# WORK ITEM
Stop after the line containing "Proof. by do": print each line exactly from the first line of the listing up to that point.
╭─ RECORDS SUPPLIED
Lemma frobdot_eq0r m n (X Y : 'M[C]_(m, n)) : ctrmx Y *m X = 0 -> frobdot X Y = 0.
Proof. by rewrite /frobdot mxtrace_mulC => ->; rewrite mxtrace0. Qed.

Lemma frob2E m n (X : 'M[C]_(m, n)) : (frob2 X)%:C = frobdot X X.
Proof.
rewrite /frob2 /frobdot /mxtrace rmorph_sum; apply: eq_bigr => i _.
rewrite rmorph_sum !mxE; apply: eq_bigr => j _.
by rewrite !mxE -normc2E.
Qed.

Lemma frob2_ge0 m n (X : 'M[C]_(m, n)) : 0 <= frob2 X.
Proof. by do 2![apply: sumr_ge0 => ? _]; apply: normc2_ge0. Qed.

Lemma frob_sqr m n (X : 'M[C]_(m, n)) : frob X ^+ 2 = frob2 X.
Proof. by rewrite sqr_sqrtr // frob2_ge0. Qed.

Lemma frob2_ctrmx m n (X : 'M[C]_(m, n)) : frob2 (ctrmx X) = frob2 X.
Proof. by apply: complexI; rewrite !frob2E /frobdot ctrmxK mxtrace_mulC. Qed.

Lemma frob2Z m n c (X : 'M[C]_(m, n)) : frob2 (c *: X) = normc2 c * frob2 X.
Proof.
by apply: complexI; rewrite rmorphM /= !frob2E frobdotZl frobdotZr normc2E; ring.
Qed.

Lemma frob2N m n (X : 'M[C]_(m, n)) : frob2 (- X) = frob2 X.
Proof.
by apply: complexI; rewrite !frob2E -scaleN1r frobdotZl frobdotZr rmorphN1; ring.
Qed.

Lemma frob2D m n (X Y : 'M[C]_(m, n)) :
  frob2 (X + Y) = frob2 X + frob2 Y + 2 * complex.Re (frobdot X Y).
Proof.
apply: complexI; rewrite !rmorphD rmorphM /= !frob2E frobdotDl !frobdotDr.
by rewrite (frobdotC X Y) rmorph_nat -addcJ; ring.
Qed.

Lemma frob2D_orth m n (X Y : 'M[C]_(m, n)) :
  frobdot X Y = 0 -> frob2 (X + Y) = frob2 X + frob2 Y.
Proof. by move=> XY0; rewrite frob2D XY0 mulr0 addr0. Qed.

Lemma sqr_Re_frobdot_le m n (X Y : 'M[C]_(m, n)) :
  complex.Re (frobdot X Y) ^+ 2 <= frob2 X * frob2 Y.
Proof.
apply: sqr_le_discr; first exact: frob2_ge0.
move=> t; have := frob2_ge0 (X + (- t)%:C *: Y).
rewrite frob2D frob2Z normc2_real sqrrN frobdotZr conjc_real.
by case: (frobdot X Y) => a b /=; rewrite mul0r subr0; lra.
Qed.

Lemma normc2_frobdot_le m n (X Y : 'M[C]_(m, n)) :
  normc2 (frobdot X Y) <= frob2 X * frob2 Y.
Proof.
set z := frobdot X Y; have := sqr_Re_frobdot_le (conjc z *: X) Y.
rewrite frobdotZl frob2Z normc2J mulrC -normc2E /= expr2 -mulrA.
have [->|z_neq0] := eqVneq (normc2 z) 0; first by rewrite mulr_ge0 ?frob2_ge0.
by rewrite ler_pM2l // lt_def z_neq0 normc2_ge0.
Qed.

Lemma frob2_cols m n (X : 'M[C]_(m, n)) : frob2 X = \sum_j frob2 (col j X).
Proof.
rewrite /frob2 exchange_big /=; apply: eq_bigr => j _.
by apply: eq_bigr => i _; rewrite big_ord1 !mxE.
Qed.

Lemma frob2_rows m n (X : 'M[C]_(m, n)) : frob2 X = \sum_i frob2 (row i X).
Proof.
apply: eq_bigr => i _; rewrite /frob2 big_ord1.
by apply: eq_bigr => j _; rewrite !mxE.
Qed.

Lemma col_mulmx m n p (A : 'M[C]_(m, n)) (X : 'M_(n, p)) j :
  col j (A *m X) = A *m col j X.
Proof. by apply/matrixP => i k; rewrite !mxE; apply: eq_bigr => l _; rewrite !mxE. Qed.

Lemma frob2_mulmx_le m n p (A : 'M[C]_(m, n)) (X : 'M_(n, p)) :
  frob2 (A *m X) <= frob2 A * frob2 X.
Proof.
rewrite [frob2 A]frob2_rows [frob2 X]frob2_cols {1}/frob2 mulr_suml.
apply: ler_sum => i _.
rewrite mulr_sumr; apply: ler_sum => j _.
have -> : (A *m X) i j = frobdot (row i A) (ctrmx (col j X)).
  rewrite /frobdot ctrmxK /mxtrace big_ord1 !mxE.
  by apply: eq_bigr => k _; rewrite !mxE.
by rewrite -(frob2_ctrmx (col j X)) normc2_frobdot_le.
Qed.
(* Let $a\in C\ell_{1,2}$. Then there is a unique $x\in C\ell_{1,2}$ satisfying $axa=a$, $xax=x$, $(ax)'=ax$ and $(xa)'=xa$.
   Context: $C\ell_{1,2}$ is the real Clifford algebra generated by $i_1,i_2,i_3$ with $i_1^2=1$, $i_2^2=i_3^2=-1$ and $i_ti_m=-i_mi_t$ for $t\neq m$, with real basis $e_0=1$, $e_1=i_1$, $e_2=i_2$, $e_3=i_1i_2$, $e_4=i_3$, $e_5=i_1i_3$, $e_6=i_2i_3$, $e_7=i_1i_2i_3$. For $a=\sum_{t=0}^7 a_te_t$ the prime is $a'=a_0+a_1e_1-a_2e_2+a_3e_3-a_4e_4+a_5e_5-a_6e_6-a_7e_7$. *)

From Stdlib Require Import Reals List Arith.
Import ListNotations.
Open Scope R_scope.

(* An element a = sum_{t=0}^7 a_t e_t, with basis
   e0=1, e1=i1, e2=i2, e3=i1 i2, e4=i3, e5=i1 i3, e6=i2 i3, e7=i1 i2 i3.
   Index t read in binary: bit 0 <-> i1, bit 1 <-> i2, bit 2 <-> i3,
   and e_t is the product of the corresponding generators in increasing order. *)
Record Cl12 := mkCl12 {
  c0 : R; c1 : R; c2 : R; c3 : R; c4 : R; c5 : R; c6 : R; c7 : R }.

Definition coef (a : Cl12) (t : nat) : R :=
  match t with
  | 0 => c0 a | 1 => c1 a | 2 => c2 a | 3 => c3 a
  | 4 => c4 a | 5 => c5 a | 6 => c6 a | _ => c7 a
  end.

Definition ofFun (f : nat -> R) : Cl12 :=
  mkCl12 (f 0%nat) (f 1%nat) (f 2%nat) (f 3%nat) (f 4%nat) (f 5%nat) (f 6%nat) (f 7%nat).

Definition bitn (t k : nat) : nat := if Nat.testbit t k then 1%nat else 0%nat.

(* e_s * e_t = basis_sign s t * e_(s xor t):
   one factor (-1) per transposition needed to sort the generators
   (pairs (i in s, j in t) with i > j), and one factor i_m^2 per common
   generator (i1^2 = 1, i2^2 = i3^2 = -1). *)
Definition basis_sign (s t : nat) : R :=
  let swaps := (bitn s 1 * bitn t 0 + bitn s 2 * bitn t 0 + bitn s 2 * bitn t 1)%nat in
  let negsq := (bitn s 1 * bitn t 1 + bitn s 2 * bitn t 2)%nat in
  if Nat.even (swaps + negsq) then 1 else -1.

Definition clmul (a b : Cl12) : Cl12 :=
  ofFun (fun k =>
    fold_right Rplus 0
      (map (fun i => basis_sign i (Nat.lxor i k) * coef a i * coef b (Nat.lxor i k))
           (seq 0 8))).

Definition clprime (a : Cl12) : Cl12 :=
  mkCl12 (c0 a) (c1 a) (- c2 a) (c3 a) (- c4 a) (c5 a) (- c6 a) (- c7 a).

From Stdlib Require Import Reals Lra.
Open Scope R_scope.

(* Uniqueness is the classical Moore-Penrose argument; it only uses
   associativity and the fact that ' reverses products.  For existence, let
   ā be the Clifford conjugate of a (reversion composed with the grade
   involution).  Then a ā = ā a = p + q e7 lies in the centre span{1, e7},
   where e7^2 = -1.  If p^2 + q^2 <> 0, then a is invertible with inverse
   ā (p + q e7)^-1, and x = a^-1.  If a ā = 0, then a a' a = 2|a|^2 a, where
   |a|^2 is the sum of the squared coordinates, and x = a' / (2|a|^2). *)

Section MoorePenrose.

Context {T : Type}.
Variables (mul : T -> T -> T) (star : T -> T).
Hypothesis mul_assoc : forall a b c, mul (mul a b) c = mul a (mul b c).
Hypothesis star_mul : forall a b, star (mul a b) = mul (star b) (star a).
Hypothesis star_involutive : forall a, star (star a) = a.

Definition moore_penrose_inverse (a x : T) : Prop :=
  mul (mul a x) a = a /\ mul (mul x a) x = x /\
  star (mul a x) = mul a x /\ star (mul x a) = mul x a.

Lemma moore_penrose_inverse_unique a x y :
  moore_penrose_inverse a x -> moore_penrose_inverse a y -> x = y.
Proof.
  intros (axa & xax & ax_sym & xa_sym) (aya & yay & ay_sym & ya_sym).
  assert (star_a : star a = mul (star a) (mul (star y) (star a))).
  { rewrite <- aya at 1. rewrite !star_mul. reflexivity. }
  (* a x = (a x)' = x' a' y' a' = (a x)' (a y)' = a x a y = a y, and dually for x a. *)
  assert (ax_ay : mul a x = mul a y).
  { rewrite <- ax_sym, star_mul, star_a, <- mul_assoc, <- star_mul, <- star_mul, ax_sym, ay_sym.
    rewrite <- mul_assoc, axa. reflexivity. }
  assert (xa_ya : mul x a = mul y a).
  { rewrite <- xa_sym, star_mul, star_a, <- (mul_assoc (star a) (star y) (star a)).
    rewrite mul_assoc, <- star_mul, <- star_mul, xa_sym, ya_sym.
    rewrite mul_assoc, <- (mul_assoc a x a), axa. reflexivity. }
  rewrite <- xax, mul_assoc, ax_ay, <- mul_assoc, xa_ya. exact yay.
Qed.

Variable one : T.
Hypothesis mul_1_l : forall a, mul one a = a.
Hypothesis mul_1_r : forall a, mul a one = a.

Lemma star_one : star one = one.
Proof.
  assert (H := star_mul (star one) one).
  rewrite mul_1_r, star_involutive, mul_1_r in H.
  symmetry. exact H.
Qed.

Lemma moore_penrose_inverse_of_unit a u :
  mul a u = one -> mul u a = one -> moore_penrose_inverse a u.
Proof.
  intros au ua. unfold moore_penrose_inverse.
  rewrite au, ua, !mul_1_l, star_one. repeat split.
Qed.

End MoorePenrose.

(* [cbv] with the field operations kept folded is much faster than [simpl] on [clmul]. *)
Ltac cl_ring :=
  repeat match goal with x : Cl12 |- _ => destruct x end;
  cbv -[Rplus Rmult Ropp Rinv IZR]; f_equal; ring.

Definition clzero : Cl12 := mkCl12 0 0 0 0 0 0 0 0.
Definition clone : Cl12 := mkCl12 1 0 0 0 0 0 0 0.

Definition clscale (r : R) (a : Cl12) : Cl12 :=
  mkCl12 (r * c0 a) (r * c1 a) (r * c2 a) (r * c3 a)
         (r * c4 a) (r * c5 a) (r * c6 a) (r * c7 a).

Definition clsub (a b : Cl12) : Cl12 :=
  mkCl12 (c0 a - c0 b) (c1 a - c1 b) (c2 a - c2 b) (c3 a - c3 b)
         (c4 a - c4 b) (c5 a - c5 b) (c6 a - c6 b) (c7 a - c7 b).

Definition clconj (a : Cl12) : Cl12 :=
  mkCl12 (c0 a) (- c1 a) (- c2 a) (- c3 a) (- c4 a) (- c5 a) (- c6 a) (c7 a).

Definition clcentral (p q : R) : Cl12 := mkCl12 p 0 0 0 0 0 0 q.

Definition clsqnorm (a : Cl12) : R :=
  c0 a * c0 a + c1 a * c1 a + c2 a * c2 a + c3 a * c3 a +
  c4 a * c4 a + c5 a * c5 a + c6 a * c6 a + c7 a * c7 a.

Lemma clmul_assoc a b c : clmul (clmul a b) c = clmul a (clmul b c).
Proof. cl_ring. Qed.

Lemma clprime_mul a b : clprime (clmul a b) = clmul (clprime b) (clprime a).
Proof. cl_ring. Qed.

Lemma clprime_involutive a : clprime (clprime a) = a.
Proof. cl_ring. Qed.

Lemma clmul_1_l a : clmul clone a = a.
Proof. cl_ring. Qed.

Lemma clmul_1_r a : clmul a clone = a.
Proof. cl_ring. Qed.

Lemma clmul_0_l a : clmul clzero a = clzero.
Proof. cl_ring. Qed.

Lemma clprime_0 : clprime clzero = clzero.
Proof. cl_ring. Qed.

Lemma clsub_0_r a : clsub a clzero = a.
Proof. cl_ring. Qed.

Lemma clmul_scale_l r a b : clmul (clscale r a) b = clscale r (clmul a b).
Proof. cl_ring. Qed.

Lemma clmul_scale_r r a b : clmul a (clscale r b) = clscale r (clmul a b).
Proof. cl_ring. Qed.

Lemma clprime_scale r a : clprime (clscale r a) = clscale r (clprime a).
Proof. cl_ring. Qed.

Lemma clscale_scale r s a : clscale r (clscale s a) = clscale (r * s) a.
Proof. cl_ring. Qed.

Lemma clscale_1 a : clscale 1 a = a.
Proof. cl_ring. Qed.

Lemma clsqnorm_prime a : clsqnorm (clprime a) = clsqnorm a.
Proof. destruct a; unfold clsqnorm; simpl; ring. Qed.

Lemma clsqnorm_eq_0 a : clsqnorm a = 0 -> a = clzero.
Proof. destruct a; unfold clsqnorm; simpl; intro H; unfold clzero; f_equal; nra. Qed.

Lemma clmul_conj_central a : exists p q, clmul a (clconj a) = clcentral p q.
Proof.
  exists (c0 (clmul a (clconj a))), (c7 (clmul a (clconj a))).
  cl_ring.
Qed.

Lemma clmul_conj_comm a : clmul (clconj a) a = clmul a (clconj a).
Proof. cl_ring. Qed.

Lemma clprime_mul_conj a :
  clmul (clprime a) (clconj (clprime a)) = clprime (clmul a (clconj a)).
Proof. cl_ring. Qed.

Lemma clcentral_comm p q a : clmul (clcentral p q) a = clmul a (clcentral p q).
Proof. cl_ring. Qed.

Lemma clcentral_inv p q : p * p + q * q <> 0 ->
  clmul (clcentral p q)
        (clcentral (p / (p * p + q * q)) (- q / (p * p + q * q))) = clone.
Proof. intro H. cbv -[Rplus Rmult Ropp Rinv IZR]. f_equal; field; exact H. Qed.

Lemma clmul_prime_mul a :
  clmul (clmul a (clprime a)) a =
  clsub (clscale (2 * clsqnorm a) a) (clmul (clmul a (clconj a)) (clconj (clprime a))).
Proof. cl_ring. Qed.

Lemma clmul_prime_mul_null a : clmul a (clconj a) = clzero ->
  clmul (clmul a (clprime a)) a = clscale (2 * clsqnorm a) a.
Proof. intro H. rewrite clmul_prime_mul, H, clmul_0_l, clsub_0_r. reflexivity. Qed.

Lemma moore_penrose_inverse_invertible_norm a p q :
  clmul a (clconj a) = clcentral p q -> p * p + q * q <> 0 ->
  moore_penrose_inverse clmul clprime a
    (clmul (clconj a) (clcentral (p / (p * p + q * q)) (- q / (p * p + q * q)))).
Proof.
  intros Hpq Hnz.
  apply (moore_penrose_inverse_of_unit clmul clprime clprime_mul clprime_involutive
           clone clmul_1_l clmul_1_r).
  - rewrite <- clmul_assoc, Hpq. apply clcentral_inv. exact Hnz.
  - rewrite clmul_assoc, clcentral_comm, <- clmul_assoc, clmul_conj_comm, Hpq.
    apply clcentral_inv. exact Hnz.
Qed.

(* For a = 0 the candidate is 0 whatever the junk value of / 0. *)
Lemma moore_penrose_inverse_null_norm a : clmul a (clconj a) = clzero ->
  moore_penrose_inverse clmul clprime a (clscale (/ (2 * clsqnorm a)) (clprime a)).
Proof.
  intro Hnull.
  destruct (Req_dec (clsqnorm a) 0) as [Hzero | Hnz].
  { apply clsqnorm_eq_0 in Hzero. subst a.
    unfold moore_penrose_inverse. repeat split; cl_ring. }
  set (k := / (2 * clsqnorm a)).
  assert (Hk : k * (2 * clsqnorm a) = 1) by (unfold k; field; exact Hnz).
  assert (aa'a := clmul_prime_mul_null a Hnull).
  assert (a'aa' : clmul (clmul (clprime a) a) (clprime a) = clscale (2 * clsqnorm a) (clprime a)).
  { rewrite <- (clsqnorm_prime a). rewrite <- (clprime_involutive a) at 2.
    apply clmul_prime_mul_null. rewrite clprime_mul_conj, Hnull. exact clprime_0. }
  unfold moore_penrose_inverse.
  rewrite !clmul_scale_l, !clmul_scale_r, !clprime_scale, !clprime_mul, !clprime_involutive.
  repeat split.
  - rewrite clmul_scale_l, aa'a, clscale_scale, Hk. apply clscale_1.
  - rewrite a'aa', !clscale_scale.
    replace (k * k * (2 * clsqnorm a)) with k by (rewrite Rmult_assoc, Hk; ring).
    reflexivity.
Qed.

Theorem lemma3p1 (a : Cl12) :
  exists! x : Cl12,
    clmul (clmul a x) a = a /\
    clmul (clmul x a) x = x /\
    clprime (clmul a x) = clmul a x /\
    clprime (clmul x a) = clmul x a.
Proof.
  assert (exists x, moore_penrose_inverse clmul clprime a x) as [x Hx].
  { destruct (clmul_conj_central a) as (p & q & Hpq).
    destruct (Req_dec (p * p + q * q) 0) as [Hnull | Hnz].
    - assert (p = 0 /\ q = 0) as [-> ->] by nra.
      eexists. apply moore_penrose_inverse_null_norm. exact Hpq.
    - eexists. apply (moore_penrose_inverse_invertible_norm a p q Hpq Hnz). }
  exists x. split; [exact Hx |].
  intros y Hy.
  exact (moore_penrose_inverse_unique clmul clprime clmul_assoc clprime_mul a x y Hx Hy).
Qed.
╰─
# RESULT FOR THIS EXERCISE
Lemma frobdot_eq0r m n (X Y : 'M[C]_(m, n)) : ctrmx Y *m X = 0 -> frobdot X Y = 0.
Proof. by rewrite /frobdot mxtrace_mulC => ->; rewrite mxtrace0. Qed.

Lemma frob2E m n (X : 'M[C]_(m, n)) : (frob2 X)%:C = frobdot X X.
Proof.
rewrite /frob2 /frobdot /mxtrace rmorph_sum; apply: eq_bigr => i _.
rewrite rmorph_sum !mxE; apply: eq_bigr => j _.
by rewrite !mxE -normc2E.
Qed.

Lemma frob2_ge0 m n (X : 'M[C]_(m, n)) : 0 <= frob2 X.
Proof. by do 2![apply: sumr_ge0 => ? _]; apply: normc2_ge0. Qed.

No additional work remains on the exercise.